=== Begin Enclosure ===

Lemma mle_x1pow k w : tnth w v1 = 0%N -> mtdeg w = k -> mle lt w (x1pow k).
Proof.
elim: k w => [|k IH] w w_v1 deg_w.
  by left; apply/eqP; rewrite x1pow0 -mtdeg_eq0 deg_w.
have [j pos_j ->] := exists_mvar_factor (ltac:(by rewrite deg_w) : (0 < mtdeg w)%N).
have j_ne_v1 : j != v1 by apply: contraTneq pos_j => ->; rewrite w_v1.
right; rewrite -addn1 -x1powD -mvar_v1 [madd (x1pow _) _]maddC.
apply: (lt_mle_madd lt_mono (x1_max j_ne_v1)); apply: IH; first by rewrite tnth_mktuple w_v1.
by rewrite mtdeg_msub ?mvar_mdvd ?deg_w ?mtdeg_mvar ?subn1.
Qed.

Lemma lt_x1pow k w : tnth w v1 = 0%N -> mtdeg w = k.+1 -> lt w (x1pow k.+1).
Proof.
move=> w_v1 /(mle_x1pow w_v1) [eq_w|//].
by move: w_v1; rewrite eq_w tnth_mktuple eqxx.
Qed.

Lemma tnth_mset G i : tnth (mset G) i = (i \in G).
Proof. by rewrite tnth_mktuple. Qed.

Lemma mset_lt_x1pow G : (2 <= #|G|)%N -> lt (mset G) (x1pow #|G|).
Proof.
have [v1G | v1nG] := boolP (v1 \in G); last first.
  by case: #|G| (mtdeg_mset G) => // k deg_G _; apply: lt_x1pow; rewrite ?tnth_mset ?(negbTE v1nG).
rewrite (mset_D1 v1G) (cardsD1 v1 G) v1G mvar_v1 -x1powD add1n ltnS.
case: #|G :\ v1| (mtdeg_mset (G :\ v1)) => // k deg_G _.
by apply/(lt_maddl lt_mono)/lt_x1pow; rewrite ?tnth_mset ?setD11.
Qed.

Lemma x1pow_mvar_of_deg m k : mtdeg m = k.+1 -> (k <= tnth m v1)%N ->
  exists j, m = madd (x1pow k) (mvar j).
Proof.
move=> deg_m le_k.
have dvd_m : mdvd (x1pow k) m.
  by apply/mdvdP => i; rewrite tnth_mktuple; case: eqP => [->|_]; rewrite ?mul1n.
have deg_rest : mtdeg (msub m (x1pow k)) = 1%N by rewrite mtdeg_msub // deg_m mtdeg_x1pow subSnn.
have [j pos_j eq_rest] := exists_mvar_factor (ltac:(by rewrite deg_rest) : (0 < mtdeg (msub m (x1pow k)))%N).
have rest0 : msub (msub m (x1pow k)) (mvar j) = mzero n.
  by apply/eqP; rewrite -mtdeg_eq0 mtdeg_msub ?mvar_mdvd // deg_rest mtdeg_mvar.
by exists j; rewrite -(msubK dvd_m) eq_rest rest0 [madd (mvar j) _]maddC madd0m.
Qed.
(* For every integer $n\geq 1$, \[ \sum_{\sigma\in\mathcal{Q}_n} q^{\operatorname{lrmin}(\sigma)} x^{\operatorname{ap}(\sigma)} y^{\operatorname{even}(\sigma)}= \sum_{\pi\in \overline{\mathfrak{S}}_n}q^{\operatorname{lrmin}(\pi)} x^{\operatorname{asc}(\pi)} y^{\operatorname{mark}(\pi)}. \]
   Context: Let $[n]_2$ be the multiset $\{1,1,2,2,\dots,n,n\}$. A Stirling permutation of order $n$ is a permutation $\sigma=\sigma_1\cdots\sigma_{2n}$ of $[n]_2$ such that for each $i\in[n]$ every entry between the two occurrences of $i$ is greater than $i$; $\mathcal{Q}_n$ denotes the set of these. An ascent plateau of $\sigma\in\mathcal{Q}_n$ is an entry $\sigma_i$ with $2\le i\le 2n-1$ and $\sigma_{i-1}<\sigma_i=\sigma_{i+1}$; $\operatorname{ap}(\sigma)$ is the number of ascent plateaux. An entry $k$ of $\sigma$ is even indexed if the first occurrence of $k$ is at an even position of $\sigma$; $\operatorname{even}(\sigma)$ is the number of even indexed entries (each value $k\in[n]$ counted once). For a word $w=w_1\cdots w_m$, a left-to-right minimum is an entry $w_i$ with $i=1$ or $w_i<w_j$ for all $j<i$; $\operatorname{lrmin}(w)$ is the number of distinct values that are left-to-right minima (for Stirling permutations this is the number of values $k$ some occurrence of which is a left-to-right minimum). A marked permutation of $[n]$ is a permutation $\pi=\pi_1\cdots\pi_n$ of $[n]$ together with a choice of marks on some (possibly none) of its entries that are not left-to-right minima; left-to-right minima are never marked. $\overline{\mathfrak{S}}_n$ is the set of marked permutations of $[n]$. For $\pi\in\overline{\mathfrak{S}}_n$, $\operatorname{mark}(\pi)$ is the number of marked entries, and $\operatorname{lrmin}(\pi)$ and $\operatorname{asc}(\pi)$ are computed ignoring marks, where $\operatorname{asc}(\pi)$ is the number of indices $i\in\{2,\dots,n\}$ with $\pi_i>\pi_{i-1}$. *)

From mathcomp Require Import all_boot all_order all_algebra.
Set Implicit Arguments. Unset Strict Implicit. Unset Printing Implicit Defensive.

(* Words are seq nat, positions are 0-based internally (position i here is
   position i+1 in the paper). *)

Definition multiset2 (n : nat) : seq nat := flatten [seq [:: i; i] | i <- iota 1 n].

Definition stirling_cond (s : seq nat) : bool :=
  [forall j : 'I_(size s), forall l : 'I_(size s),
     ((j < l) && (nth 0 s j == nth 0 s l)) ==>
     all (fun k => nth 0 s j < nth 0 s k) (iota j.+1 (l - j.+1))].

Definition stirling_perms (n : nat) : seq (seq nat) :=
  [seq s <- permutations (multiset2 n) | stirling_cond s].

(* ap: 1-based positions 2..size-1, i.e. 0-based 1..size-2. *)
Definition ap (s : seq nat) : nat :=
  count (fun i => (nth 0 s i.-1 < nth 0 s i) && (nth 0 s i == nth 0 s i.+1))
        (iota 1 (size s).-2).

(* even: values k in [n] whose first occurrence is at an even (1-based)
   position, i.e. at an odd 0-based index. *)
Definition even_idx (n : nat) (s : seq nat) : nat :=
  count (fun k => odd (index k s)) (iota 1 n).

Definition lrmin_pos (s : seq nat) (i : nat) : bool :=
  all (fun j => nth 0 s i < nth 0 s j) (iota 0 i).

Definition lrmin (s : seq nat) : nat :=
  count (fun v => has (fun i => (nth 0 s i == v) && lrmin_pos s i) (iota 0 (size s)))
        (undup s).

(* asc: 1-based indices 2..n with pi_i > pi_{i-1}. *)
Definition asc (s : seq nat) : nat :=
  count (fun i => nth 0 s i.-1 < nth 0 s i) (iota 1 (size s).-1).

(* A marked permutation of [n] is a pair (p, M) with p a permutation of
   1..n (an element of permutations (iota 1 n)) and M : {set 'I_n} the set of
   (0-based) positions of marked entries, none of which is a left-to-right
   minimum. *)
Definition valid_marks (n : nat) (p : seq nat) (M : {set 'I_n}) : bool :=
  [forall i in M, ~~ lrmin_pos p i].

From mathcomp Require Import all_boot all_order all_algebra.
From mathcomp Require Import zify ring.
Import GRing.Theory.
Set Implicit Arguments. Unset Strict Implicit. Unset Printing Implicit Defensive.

=== End Enclosure ===

Exercise directions - Could you copy every record above exactly as written?

Exercise response -
Lemma mle_x1pow k w : tnth w v1 = 0%N -> mtdeg w = k -> mle lt w (x1pow k).
Proof.
elim: k w => [|k IH] w w_v1 deg_w.
  by left; apply/eqP; rewrite x1pow0 -mtdeg_eq0 deg_w.
have [j pos_j ->] := exists_mvar_factor (ltac:(by rewrite deg_w) : (0 < mtdeg w)%N).
have j_ne_v1 : j != v1 by apply: contraTneq pos_j => ->; rewrite w_v1.
right; rewrite -addn1 -x1powD -mvar_v1 [madd (x1pow _) _]maddC.
apply: (lt_mle_madd lt_mono (x1_max j_ne_v1)); apply: IH; first by rewrite tnth_mktuple w_v1.
by rewrite mtdeg_msub ?mvar_mdvd ?deg_w ?mtdeg_mvar ?subn1.
Qed.

Lemma lt_x1pow k w : tnth w v1 = 0%N -> mtdeg w = k.+1 -> lt w (x1pow k.+1).
Proof.
move=> w_v1 /(mle_x1pow w_v1) [eq_w|//].
by move: w_v1; rewrite eq_w tnth_mktuple eqxx.
Qed.

Lemma tnth_mset G i : tnth (mset G) i = (i \in G).
Proof. by rewrite tnth_mktuple. Qed.

Lemma mset_lt_x1pow G : (2 <= #|G|)%N -> lt (mset G) (x1pow #|G|).
Proof.
have [v1G | v1nG] := boolP (v1 \in G); last first.
  by case: #|G| (mtdeg_mset G) => // k deg_G _; apply: lt_x1pow; rewrite ?tnth_mset ?(negbTE v1nG).
rewrite (mset_D1 v1G) (cardsD1 v1 G) v1G mvar_v1 -x1powD add1n ltnS.
case: #|G :\ v1| (mtdeg_mset (G :\ v1)) => // k deg_G _.
by apply/(lt_maddl lt_mono)/lt_x1pow; rewrite ?tnth_mset ?setD11.
Qed.

Lemma x1pow_mvar_of_deg m k : mtdeg m = k.+1 -> (k <= tnth m v1)%N ->
  exists j, m = madd (x1pow k) (mvar j).
Proof.
move=> deg_m le_k.
have dvd_m : mdvd (x1pow k) m.
  by apply/mdvdP => i; rewrite tnth_mktuple; case: eqP => [->|_]; rewrite ?mul1n.
have deg_rest : mtdeg (msub m (x1pow k)) = 1%N by rewrite mtdeg_msub // deg_m mtdeg_x1pow subSnn.
have [j pos_j eq_rest] := exists_mvar_factor (ltac:(by rewrite deg_rest) : (0 < mtdeg (msub m (x1pow k)))%N).
have rest0 : msub (msub m (x1pow k)) (mvar j) = mzero n.
  by apply/eqP; rewrite -mtdeg_eq0 mtdeg_msub ?mvar_mdvd // deg_rest mtdeg_mvar.
by exists j; rewrite -(msubK dvd_m) eq_rest rest0 [madd (mvar j) _]maddC madd0m.
Qed.
(* For every integer $n\geq 1$, \[ \sum_{\sigma\in\mathcal{Q}_n} q^{\operatorname{lrmin}(\sigma)} x^{\operatorname{ap}(\sigma)} y^{\operatorname{even}(\sigma)}= \sum_{\pi\in \overline{\mathfrak{S}}_n}q^{\operatorname{lrmin}(\pi)} x^{\operatorname{asc}(\pi)} y^{\operatorname{mark}(\pi)}. \]
   Context: Let $[n]_2$ be the multiset $\{1,1,2,2,\dots,n,n\}$. A Stirling permutation of order $n$ is a permutation $\sigma=\sigma_1\cdots\sigma_{2n}$ of $[n]_2$ such that for each $i\in[n]$ every entry between the two occurrences of $i$ is greater than $i$; $\mathcal{Q}_n$ denotes the set of these. An ascent plateau of $\sigma\in\mathcal{Q}_n$ is an entry $\sigma_i$ with $2\le i\le 2n-1$ and $\sigma_{i-1}<\sigma_i=\sigma_{i+1}$; $\operatorname{ap}(\sigma)$ is the number of ascent plateaux. An entry $k$ of $\sigma$ is even indexed if the first occurrence of $k$ is at an even position of $\sigma$; $\operatorname{even}(\sigma)$ is the number of even indexed entries (each value $k\in[n]$ counted once). For a word $w=w_1\cdots w_m$, a left-to-right minimum is an entry $w_i$ with $i=1$ or $w_i<w_j$ for all $j<i$; $\operatorname{lrmin}(w)$ is the number of distinct values that are left-to-right minima (for Stirling permutations this is the number of values $k$ some occurrence of which is a left-to-right minimum). A marked permutation of $[n]$ is a permutation $\pi=\pi_1\cdots\pi_n$ of $[n]$ together with a choice of marks on some (possibly none) of its entries that are not left-to-right minima; left-to-right minima are never marked. $\overline{\mathfrak{S}}_n$ is the set of marked permutations of $[n]$. For $\pi\in\overline{\mathfrak{S}}_n$, $\operatorname{mark}(\pi)$ is the number of marked entries, and $\operatorname{lrmin}(\pi)$ and $\operatorname{asc}(\pi)$ are computed ignoring marks, where $\operatorname{asc}(\pi)$ is the number of indices $i\in\{2,\dots,n\}$ with $\pi_i>\pi_{i-1}$. *)

From mathcomp Require Import all_boot all_order all_algebra.
Set Implicit Arguments. Unset Strict Implicit. Unset Printing Implicit Defensive.

(* Words are seq nat, positions are 0-based internally (position i here is
   position i+1 in the paper). *)

Definition multiset2 (n : nat) : seq nat := flatten [seq [:: i; i] | i <- iota 1 n].

Definition stirling_cond (s : seq nat) : bool :=
  [forall j : 'I_(size s), forall l : 'I_(size s),
     ((j < l) && (nth 0 s j == nth 0 s l)) ==>
     all (fun k => nth 0 s j < nth 0 s k) (iota j.+1 (l - j.+1))].

Definition stirling_perms (n : nat) : seq (seq nat) :=
  [seq s <- permutations (multiset2 n) | stirling_cond s].

(* ap: 1-based positions 2..size-1, i.e. 0-based 1..size-2. *)
Definition ap (s : seq nat) : nat :=
  count (fun i => (nth 0 s i.-1 < nth 0 s i) && (nth 0 s i == nth 0 s i.+1))
        (iota 1 (size s).-2).

(* even: values k in [n] whose first occurrence is at an even (1-based)
   position, i.e. at an odd 0-based index. *)
Definition even_idx (n : nat) (s : seq nat) : nat :=
  count (fun k => odd (index k s)) (iota 1 n).

Definition lrmin_pos (s : seq nat) (i : nat) : bool :=
  all (fun j => nth 0 s i < nth 0 s j) (iota 0 i).

Definition lrmin (s : seq nat) : nat :=
  count (fun v => has (fun i => (nth 0 s i == v) && lrmin_pos s i) (iota 0 (size s)))
        (undup s).

(* asc: 1-based indices 2..n with pi_i > pi_{i-1}. *)
Definition asc (s : seq nat) : nat :=
  count (fun i => nth 0 s i.-1 < nth 0 s i) (iota 1 (size s).-1).

(* A marked permutation of [n] is a pair (p, M) with p a permutation of
   1..n (an element of permutations (iota 1 n)) and M : {set 'I_n} the set of
   (0-based) positions of marked entries, none of which is a left-to-right
   minimum. *)
Definition valid_marks (n : nat) (p : seq nat) (M : {set 'I_n}) : bool :=
  [forall i in M, ~~ lrmin_pos p i].

From mathcomp Require Import all_boot all_order all_algebra.
From mathcomp Require Import zify ring.
Import GRing.Theory.
Set Implicit Arguments. Unset Strict Implicit. Unset Printing Implicit Defensive.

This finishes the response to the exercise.